Likewise, I'm not convinced that you ate an entire bag of salad, and entire loaf of garlic bread, an entire package of cheese, an entire bottle of dressing, an entire jar of olives, etc. in one serving. You can't really look at the cost of groceries that should be able to stretch across the preparation of several different meals, and say, "See, it cost more to buy these than it would to buy it in a restaurant." You bought enough groceries to make several meals, so you need to do the math to determine cost per serving or per meal, not just say that your meal cost 30 bucks, because it didn't. And if you did eat all $30 worth of groceries in a single sitting, that would be pretty gross.
Hmm, I could've made the chicken alfredo dinner for four to six people--or two with gluttonous second helpings!--for about $15. With extra Parmesan cheese, which ain't exactly leftovers. (It wouldn't have been Parmegiano Reggiano, but canned sauce doesn't have that either.)
I suppose $15 is what one would pay in a middling restaurant for one person.
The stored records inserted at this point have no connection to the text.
(* A configuration is resistant iff each lot is occupied exactly when it is not
   between two houses.  Such configurations are the words made of runs [1] and
   [11] separated by single empty lots; with k houses among n lots there are
   n + 1 - k runs, 2k - n - 1 of them doubled, so J k n is a binomial
   coefficient.  Since the term of index a is the largest of the expansion of
   (a + b)^(a + b), ln C(a + b, a) is a ln((a + b)/a) + b ln((a + b)/b) up to
   ln(a + b + 1), and ln J / n converges along every admissible sequence to
   this entropy evaluated at the limiting proportions 2rho - 1 and 2 - 3rho of
   doubled and single runs. *)

Lemma surroundedE c k :
  surrounded c k = nth false (false :: c) k && nth false c k.+1.
Proof.
rewrite /surrounded; case: k => [|k] //=.
by case: ltnP => // /(nth_default false) ->; rewrite !andbF.
Qed.

Lemma surrounded_set_nth c k b : k < size c ->
  surrounded (set_nth false c k b) k = surrounded c k.
Proof.
rewrite !surroundedE; case: k => [|k] kc //=.
by rewrite !nth_set_nth /= (ltn_eqF (ltnSn k)) (gtn_eqF (ltnSn k.+1)).
Qed.

Lemma resistantE c :
  resistant c = all (fun k => nth false c k == ~~ surrounded c k) (iota 0 (size c)).
Proof.
have blocked_new k : k < size c ->
    blocked_house (set_nth false c k true) k = surrounded c k.
  by move=> kc; rewrite /blocked_house nth_set_nth /= eqxx surrounded_set_nth.
apply/idP/allP => [|occ].
- case/andP=> /andP[/forallP perm _] /forallP hole k.
  rewrite mem_iota add0n => /= kc.
  move: (perm (Ordinal kc)) (hole (Ordinal kc)); rewrite /= blocked_new //.
  by rewrite /blocked_house; case: nth => /= [/negbTE -> | _ ->].
- have {}occ k : k < size c -> nth false c k = ~~ surrounded c k.
    by move=> kc; apply/eqP/occ; rewrite mem_iota add0n.
  have perm : permissible c.
    by apply/forallP => k; rewrite /blocked_house occ //; case: surrounded.
  rewrite /resistant /maximal perm /=; apply/andP; split; apply/forallP => k;
    apply/implyP; rewrite occ // negbK => sk.
    have sz : size (set_nth false c k true) = size c.
      by rewrite size_set_nth; apply/maxn_idPr.
    by apply/forallPn; exists (cast_ord (esym sz) k); rewrite negbK /= blocked_new.
  by rewrite blocked_new.
Qed.

(* [l] is the lot to the left of [x]; lots past the right end are empty. *)
Fixpoint scan_resistant (l x : bool) (s : seq bool) : bool :=
  if s is y :: s' then (x == ~~ (l && y)) && scan_resistant x y s' else x.

Lemma scan_resistantE l x s : scan_resistant l x s =
  all (fun k => nth false (x :: s) k ==
                ~~ (nth false (l :: x :: s) k && nth false (x :: s) k.+1))
      (iota 0 (size s).+1).
Proof.
elim: s l x => [|y s IH] l x /=; first by case: l x => [] [].
by rewrite IH /= (iotaDl 1 1) all_map.
Qed.

Lemma resistant_cons x s : resistant (x :: s) = scan_resistant false x s.
Proof.
rewrite resistantE scan_resistantE; apply: eq_in_all => k.
by rewrite mem_iota surroundedE.
Qed.

Lemma resistant_TF s : resistant [:: true, false & s] = (s != [::]) && resistant s.
Proof. by case: s => [|[] [|y s]]; rewrite !resistant_cons. Qed.

Lemma resistant_TTF s :
  resistant [:: true, true, false & s] = (s != [::]) && resistant s.
Proof. by case: s => [|[] [|y s]]; rewrite !resistant_cons. Qed.

Lemma resistant_F s : resistant (false :: s) = false.
Proof. by case: s => [|y s]; rewrite resistant_cons. Qed.

(* A block word lists the runs of houses from left to right, [true] for a run
   [11] and [false] for a single house; consecutive runs are separated by one
   empty lot. *)
Definition house_run (x : bool) : seq bool :=
  if x then [:: true; true] else [:: true].

Fixpoint config_of_blocks (b : seq bool) : seq bool :=
  if b is x :: b' then
    if b' is [::] then house_run x else house_run x ++ false :: config_of_blocks b'
  else [::].

Fixpoint blocks_of_config (c : seq bool) : seq bool :=
  match c with
  | true :: true :: false :: c' => true :: blocks_of_config c'
  | true :: false :: c' => false :: blocks_of_config c'
  | [:: true; true] => [:: true]
  | [:: true] => [:: false]
  | _ => [::]
  end.

Lemma config_of_blocksK : cancel config_of_blocks blocks_of_config.
Proof. by elim=> [|[] [|y b] IH] //=; rewrite IH. Qed.

Lemma config_of_blocks_cons2 x y b :
  config_of_blocks [:: x, y & b] = house_run x ++ false :: config_of_blocks (y :: b).
Proof. by []. Qed.

Lemma config_of_blocks_eq0 b : (config_of_blocks b == [::]) = (b == [::]).
Proof. by case: b => [|[] [|y b]]. Qed.

Lemma resistant_config_of_blocks b : resistant (config_of_blocks b).
Proof.
elim: b => [|x [|y b] IH]; first by rewrite resistantE.
  by case: x; rewrite resistant_cons.
rewrite config_of_blocks_cons2.
by case: x; rewrite ?resistant_TF ?resistant_TTF config_of_blocks_eq0 IH.
Qed.

Lemma size_config_of_blocks b :
  size (config_of_blocks b) = (2 * size b + count id b).-1.
Proof.
elim: b => [|x [|y b] IH] //; first by case: x.
by rewrite config_of_blocks_cons2 size_cat /= IH /=; case: x => /=; lia.
Qed.

Lemma count_config_of_blocks b :
  count id (config_of_blocks b) = size b + count id b.
Proof.
elim: b => [|x [|y b] IH] //; first by case: x.
by rewrite config_of_blocks_cons2 count_cat /= IH /=; case: x => /=; lia.
Qed.

Lemma blocks_of_configK c : resistant c -> c != [::] ->
  config_of_blocks (blocks_of_config c) = c.
Proof.
have [n] := ubnP (size c); elim: n c => // n IH c.
have house_run_cons x c' : size c' < n -> resistant c' -> c' != [::] ->
    config_of_blocks (x :: blocks_of_config c') = house_run x ++ false :: c'.
  move=> /IH e /e {}e /[dup] /e; case: blocks_of_config => [<-|y b <-] //.
case: c => [|[] c] //; last by rewrite resistant_F.
case: c => [|[] c] //; last first.
  move=> /= sz; rewrite resistant_TF => /andP[nc rc] _.
  exact: (house_run_cons false c (ltnW sz) rc nc).
case: c => [|[] c] //; first by rewrite resistant_cons.
move=> /= sz; rewrite resistant_TTF => /andP[nc rc] _.
exact: (house_run_cons true c (ltnW (ltnW sz)) rc nc).
Qed.

Lemma card_count_tuples m j :
  #|[set t : m.-tuple bool | count id t == j]| = 'C(m, j).
Proof.
rewrite -[m in 'C(m, _)]card_ord -card_draws.
pose f (S : {set 'I_m}) := [tuple i \in S | i < m].
have count_f S : count id (f S) = #|S|.
  by rewrite count_map val_ord_tuple cardE enumT /enum_mem size_filter.
have f_inj : injective f.
  move=> S1 S2 e; apply/setP => i.
  by move/(congr1 (fun t => tnth t i)): e; rewrite !tnth_mktuple.
rewrite -(card_imset [set S : {set 'I_m} | #|S| == j] f_inj).
apply: eq_card => t; rewrite inE.
apply/idP/imsetP => [ct | [S]]; last by rewrite inE => /eqP <- ->; rewrite count_f.
have e : t = f [set i | tnth t i].
  by apply: eq_from_tnth => i; rewrite tnth_mktuple inE.
by exists [set i | tnth t i]; rewrite // inE -count_f -e.
Qed.

Lemma card_resistant n k : n < 2 * k -> 3 * k <= 2 * n.+1 ->
  #|[set c : n.-tuple bool | resistant c && (count id c == k)]| =
  'C(n.+1 - k, 2 * k - n.+1).
Proof.
move=> lo hi; set m := n.+1 - k; set j := 2 * k - n.+1.
pose g (b : m.-tuple bool) : n.-tuple bool :=
  insubd (nseq_tuple n false) (config_of_blocks b).
have g_val (b : m.-tuple bool) : count id b = j -> val (g b) = config_of_blocks b.
  move=> cb; rewrite val_insubd size_config_of_blocks size_tuple cb.
  by rewrite (_ : (2 * m + j).-1 = n) ?eqxx // /m /j; lia.
rewrite -card_count_tuples -(card_in_imset (f := g)); last first.
  move=> b1 b2; rewrite !inE => /eqP c1 /eqP c2 e; apply: val_inj.
  by rewrite /= -[val b1]config_of_blocksK -g_val // e g_val // config_of_blocksK.
apply: eq_card => c; rewrite !inE; apply/idP/imsetP.
- case/andP => rc /eqP cc.
  have nc : val c != [::] by rewrite -size_eq0 size_tuple; lia.
  have e := blocks_of_configK rc nc.
  have := size_config_of_blocks (blocks_of_config c).
  have := count_config_of_blocks (blocks_of_config c).
  rewrite e size_tuple cc => cnt sz.
  have sb : size (blocks_of_config c) == m by apply/eqP; lia.
  have cb : count id (blocks_of_config c) = j by lia.
  by exists (Tuple sb); [rewrite inE cb | apply: val_inj; rewrite g_val].
- case=> b; rewrite inE => /eqP cb ->.
  rewrite g_val // resistant_config_of_blocks count_config_of_blocks size_tuple cb.
  by apply/eqP; lia.
Qed.

Lemma J_binomial n k : n < 2 * k -> 3 * k <= 2 * n.+1 ->
  J k n = 'C(n.+1 - k, 2 * k - n.+1).
Proof.
move=> lo hi; have C_gt0 : 0 < 'C(n.+1 - k, 2 * k - n.+1) by rewrite bin_gt0; lia.
set A := [set c : n.-tuple bool | resistant c && (count id c == k)].
rewrite /J (eq_card (B := A)); first by rewrite card_resistant // (gtn_eqF C_gt0).
by move=> c; rewrite inE; exact: asboolb.
Qed.

Section BinomialEntropyBounds.
Variables a b : nat.

Let term i := 'C(a + b, i) * (b ^ (a + b - i) * a ^ i).

Let expnDn_term : (a + b) ^ (a + b) = \sum_(i < (a + b).+1) term i.
Proof. by rewrite {1}[a + b]addnC expnDn. Qed.

Let term_a : term a = 'C(a + b, a) * (a ^ a * b ^ b).
Proof. by rewrite /term addKn [b ^ b * _]mulnC. Qed.

Lemma bin_expnn_upper : 'C(a + b, a) * (a ^ a * b ^ b) <= (a + b) ^ (a + b).
Proof.
have a_lt : a < (a + b).+1 by rewrite ltnS leq_addr.
rewrite expnDn_term (bigD1 (Ordinal a_lt)) //= -term_a; exact: leq_addr.
Qed.

Hypothesis b_gt0 : 0 < b.

Let term_ratio i : i < a + b ->
  i.+1 * b * term i.+1 = (a + b - i) * a * term i.
Proof.
move=> i_lt; rewrite /term.
have e1 : i.+1 * 'C(a + b, i.+1) = (a + b - i) * 'C(a + b, i) by rewrite mul_bin_left.
have e2 : b ^ (a + b - i) = b * b ^ (a + b - i.+1) by rewrite -expnS subnSK.
rewrite e2 [a ^ i.+1]expnS.
transitivity (i.+1 * 'C(a + b, i.+1) * b * b ^ (a + b - i.+1) * a * a ^ i); first ring.
by rewrite e1; ring.
Qed.

Let term_le_next i : i < a -> term i <= term i.+1.
Proof.
move=> i_lt; have pos : 0 < i.+1 * b by rewrite muln_gt0.
rewrite -(leq_pmul2l pos) term_ratio; last lia.
by rewrite leq_mul2r; apply/orP; right; nia.
Qed.

Let term_next_le i : a <= i -> i < a + b -> term i.+1 <= term i.
Proof.
move=> a_le i_lt; have pos : 0 < i.+1 * b by rewrite muln_gt0.
rewrite -(leq_pmul2l pos) term_ratio // leq_mul2r; apply/orP; right; nia.
Qed.

Let term_max i : i <= a + b -> term i <= term a.
Proof.
move=> i_le; case: (leqP i a) => [i_le_a | a_lt_i].
  suff mono : {in [pred x | x <= a] &, {homo term : x y / x <= y}}.
    by apply: mono; rewrite ?inE.
  apply: homo_leq_in => //=.
  - exact: leq_trans.
  - by move=> x y _ y_le z /andP[_ /ltnW /leq_trans]; apply.
  - by move=> x _; exact: term_le_next.
suff mono : {in [pred x | a <= x <= a + b] &, {homo term : x y / x <= y >-> y <= x}}.
  by apply: mono; rewrite ?inE ?leqnn ?leq_addr ?i_le // ltnW.
apply: (@homo_leq_in nat _ term (fun x y => y <= x)) => //=.
- by move=> y x z h1 h2; exact: leq_trans h2 h1.
- move=> x y /andP[ax _] /andP[_ yb] z /andP[xz zy].
  by rewrite inE /= (leq_trans ax (ltnW xz)) (leq_trans (ltnW zy) yb).
- by move=> x /andP[ax _] /andP[_ xb]; exact: term_next_le.
Qed.

Lemma bin_expnn_lower :
  (a + b) ^ (a + b) <= (a + b).+1 * ('C(a + b, a) * (a ^ a * b ^ b)).
Proof.
rewrite expnDn_term -term_a -[X in X * _]card_ord -sum_nat_const.
by apply: leq_sum => i _; apply: term_max; rewrite -ltnS.
Qed.

End BinomialEntropyBounds.

Local Open Scope ring_scope.
Local Open Scope classical_set_scope.

Definition xlnx {R : realType} (x : R) : R := x * ln x.

Definition entropy2 {R : realType} (x y : R) : R := xlnx (x + y) - xlnx x - xlnx y.

Section Entropy.
Variable R : realType.
Implicit Types (x y N : R) (a b n : nat).

Lemma entropy2_div x y N : 0 < x -> 0 < y -> 0 < N ->
  entropy2 (x / N) (y / N) = entropy2 x y / N.
Proof.
move=> x_gt0 y_gt0 N_gt0; have N_neq0 : N != 0 by rewrite gt_eqF.
by rewrite /entropy2 /xlnx -mulrDl !ln_div ?posrE ?addr_gt0 //; field.
Qed.

Lemma ln_expnn n : ln ((n ^ n)%:R : R) = xlnx n%:R.
Proof.
case: n => [|n]; first by rewrite expn0 ln1 /xlnx mul0r.
by rewrite natrX lnXn ?ltr0n // /xlnx mulr_natl.
Qed.

Let expnn_gt0 n : (0 < n ^ n)%N.
Proof. by case: n => // n; rewrite expn_gt0. Qed.
(* Let $S_{\text{thirds}}=(1,\mathbb{R}^{+},\{-\tfrac13,0,\tfrac13\},f_{\text{add}},\{\bot\}\cup\mathbb{Z}^{+},h_{\text{sqz}},x_0=0)$ and $\widehat{S}_{\text{binary}}=(1,\mathbb{R}^{+},\{\pm\tfrac{1}{2^p}\mid p\in\mathbb{Z}\},f_{\text{add}},\{\bot\}\cup\mathbb{Z}^{+},h_{\text{sqz}},\widehat{x}_0=0)$, where $f_{\text{add}}(x,u)=x+u$ and $$h_{\text{sqz}}(x)=\begin{cases} q & \text{if there is } q\in\mathbb{Z}^{+} \text{ with } -\frac{1}{4\cdot 2^q}\le x-\frac{q}{3}\le\frac{1}{4\cdot 2^q},\\ \bot & \text{otherwise.}\end{cases}$$ For any $1$-illusion of $S_{\text{thirds}}$ by $\widehat{S}_{\text{binary}}$, with witness time-scaling function $z$, and any finite $T$, when the robot in $S_{\text{thirds}}$ follows the constant policy $u_k=\tfrac13$, there exists $N_T>0$ such that $$T<\max_{k\in\{1,\dots,N_T\}}\{z(k+1)-z(k)\}.$$
   Context: A deterministic multi-robot transition system is a 7-tuple $(n,X,U,f,Y,h,x_0)$: $n$ robots, product state space $X$, product action space $U$, transition function $f:X\times U\to X$ (componentwise per robot), product observation space $Y$, observation function $h:X\to Y$ (componentwise per robot, $h^{(i)}$), initial state $x_0$; it evolves by $x_{k+1}=f(x_k,u_k)$, $y_k=h(x_k)$. Here both systems have a single robot. When a primary system $\widehat{S}$ (hatted quantities) emulates a secondary system $S$, a robot policy $\widehat{\pi}^{(i)}$ for robot $i$ of $\widehat{S}$ maps its own action history $\widehat{u}^{(i)}_0,\dots,\widehat{u}^{(i)}_k$, its observation history $\widehat{y}^{(i)}_0,\dots,\widehat{y}^{(i)}_k$, and the state history $x_0,\dots,x_\ell$ of the secondary system (with $\ell$ possibly different from $k$) to an action $\widehat{u}^{(i)}_k$. Robot policies in $S$ choose actions from histories in the same manner. $\widehat{S}$ is an $m$-illusion of $S$ (with $0<m\le n$) if there exist (i) robot policies $\widehat{\pi}^{(1)},\dots,\widehat{\pi}^{(\widehat{n})}$ in $\widehat{S}$, (ii) a strictly increasing function $z:\mathbb{Z}^+\to\mathbb{Z}^+$, and (iii) functions $\rho_k:\{1,\dots,m\}\to\{1,\dots,\widehat{n}\}$, such that for any robot policies $\pi^{(1)},\dots,\pi^{(n)}$ in $S$, for all $k\ge0$ and $1\le i\le m$, $h^{(i)}(x_k)=\widehat{h}^{(\rho_k(i))}(\widehat{x}_{z(k)})$, where $x$ and $\widehat{x}$ are the state trajectories of $S$ and $\widehat{S}$. A tuple $(\widehat{\pi},(\rho_k),z)$ satisfying this is a witness to the illusion. *)

From Stdlib Require Import Reals Lra Lia List ZArith ClassicalEpsilon.
Import ListNotations.
Open Scope R_scope.

(** Observation space {bot} ∪ Z^+ : [None] is bot, [Some q] is q (q >= 1). *)
Definition Obs := option nat.

Definition sqz_cond (x : R) (q : nat) : Prop :=
  (1 <= q)%nat /\
  - (1 / (4 * 2 ^ q)) <= x - INR q / 3 <= 1 / (4 * 2 ^ q).

(** h_sqz : returns q if such a q in Z^+ exists, bot otherwise
    (such a q is unique since the intervals are disjoint). *)
Definition h_sqz (x : R) : Obs :=
  match excluded_middle_informative (exists q : nat, sqz_cond x q) with
  | left H => Some (proj1_sig (constructive_indefinite_description _ H))
  | right _ => None
  end.

Definition f_add (x u : R) : R := x + u.

Definition thirds_action (u : R) : Prop := u = - (1/3) \/ u = 0 \/ u = 1/3.

Definition binary_action (u : R) : Prop :=
  exists p : Z, u = / powerRZ 2 p \/ u = - / powerRZ 2 p.

(** Policies of the (single) robot of the secondary system S_thirds:
    from own past action history u_0..u_{k-1} and observation history
    y_0..y_k to the action u_k. *)
Definition sec_policy := list R -> list Obs -> R.

Definition valid_sec_policy (pi : sec_policy) : Prop :=
  forall us ys, thirds_action (pi us ys).
Lemma glued_fO l t b : t <= size l ->
  castp (fO_v I Y Z psi m X phi b) (glued l t (fO I Y Z psi m X phi b))
  = nth (ptTup _) (trace psi G l) t b.
Proof.
move=> ht; case: b => [[i o]|d]; last by rewrite castp_id.
rewrite (nth_trace_out _ hist1_G) // PalgE nth_Spp; last first.
  by rewrite size_trace size_proj_in size_box_inputs ltnS.
by rewrite -glued_embO castp_comp; apply: castp_irrelevant.
Qed.

Lemma glued_fS l t b : t <= size l ->
  castp (fS_v I Y Z psi m X phi b)
    (tjoin (nth (ptTup _) l t) (glued l t) (fS I Y Z psi m X phi b))
  = tjoin (nth (ptTup _) l t) (nth (ptTup _) (trace psi G l) t) b.
Proof.
move=> ht; case: b => [z|b]; first by rewrite castp_id.
by apply: etrans _ (glued_fO b ht); apply: castp_irrelevant.
Qed.

Lemma glued_hS l t i a : t < size l ->
  castp (hS_v I Y Z psi m X phi i a)
    (tjoin (nth (ptTup _) l t) (glued l t) (hS I Y Z psi m X phi i a))
  = tjoin (nth (ptTup _) (inner_input i l) t) (nth (ptTup _) (inner_trace i l) t) a.
Proof.
move=> ht; case: a => [y|x]; last first.
  by apply: etrans _ (glued_embO l t x); apply: castp_irrelevant.
rewrite /tjoin nth_proj_in ?size_box_inputs // nth_box_inputs //.
by rewrite -(glued_fS _ (ltnW ht)) castp_comp; apply: castp_irrelevant.
Qed.

Section Step.
Variables (l : seq (Tup (@vin Z))) (k : nat).
Hypothesis hk : k <= size l.
Hypothesis agree :
  forall t, t < k -> nth (ptTup _) (trace omega f l) t = glued l t.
Then again, second helpings is another benefit, and I don't mind leftovers anyway.
Speedy, I've had the same dilemma as well. I force myself to eat at home now because it's healthier and I've had to adjust the way I make meals because most of the time it's just me.
You can buy family size items and portion them out. Since you don't like leftovers, don't cook everything at once. Actually, I've discovered that a lot of stores now package items in single portions (e.g. chicken breasts in individually wrapped packages, but sold in a larger bag). Veggies are easy because you can cook what you'll eat, and they also now come in single serve frozen packages as well.
I'll admit it does sometimes seem like a waste to cook for just one person, but I keep telling myself I'm better for it in the long run.
I agree that if the OP wants to eat out and has the money for it, then all power to him. (And OP, chicken alfredo is not at all the healthiest thing you can eat, fat, calories, and sodium-wise, so maybe home-cooked, but definitely not healthy. Same with lots of red meat.)
Last night I made a Morrocan-style chicken stew: a pound of chicken breast ($5), a can of chickpeas and a can of diced tomatoes ($1 each), and onion and a zucchini ($1.25 each) and using low sodium chicken broth, tomato paste, garlic, spices, and cous cous that I already had on hand. So for $10, I got four portions of stew with protein and veggies all together. That's how you cook smart for one person.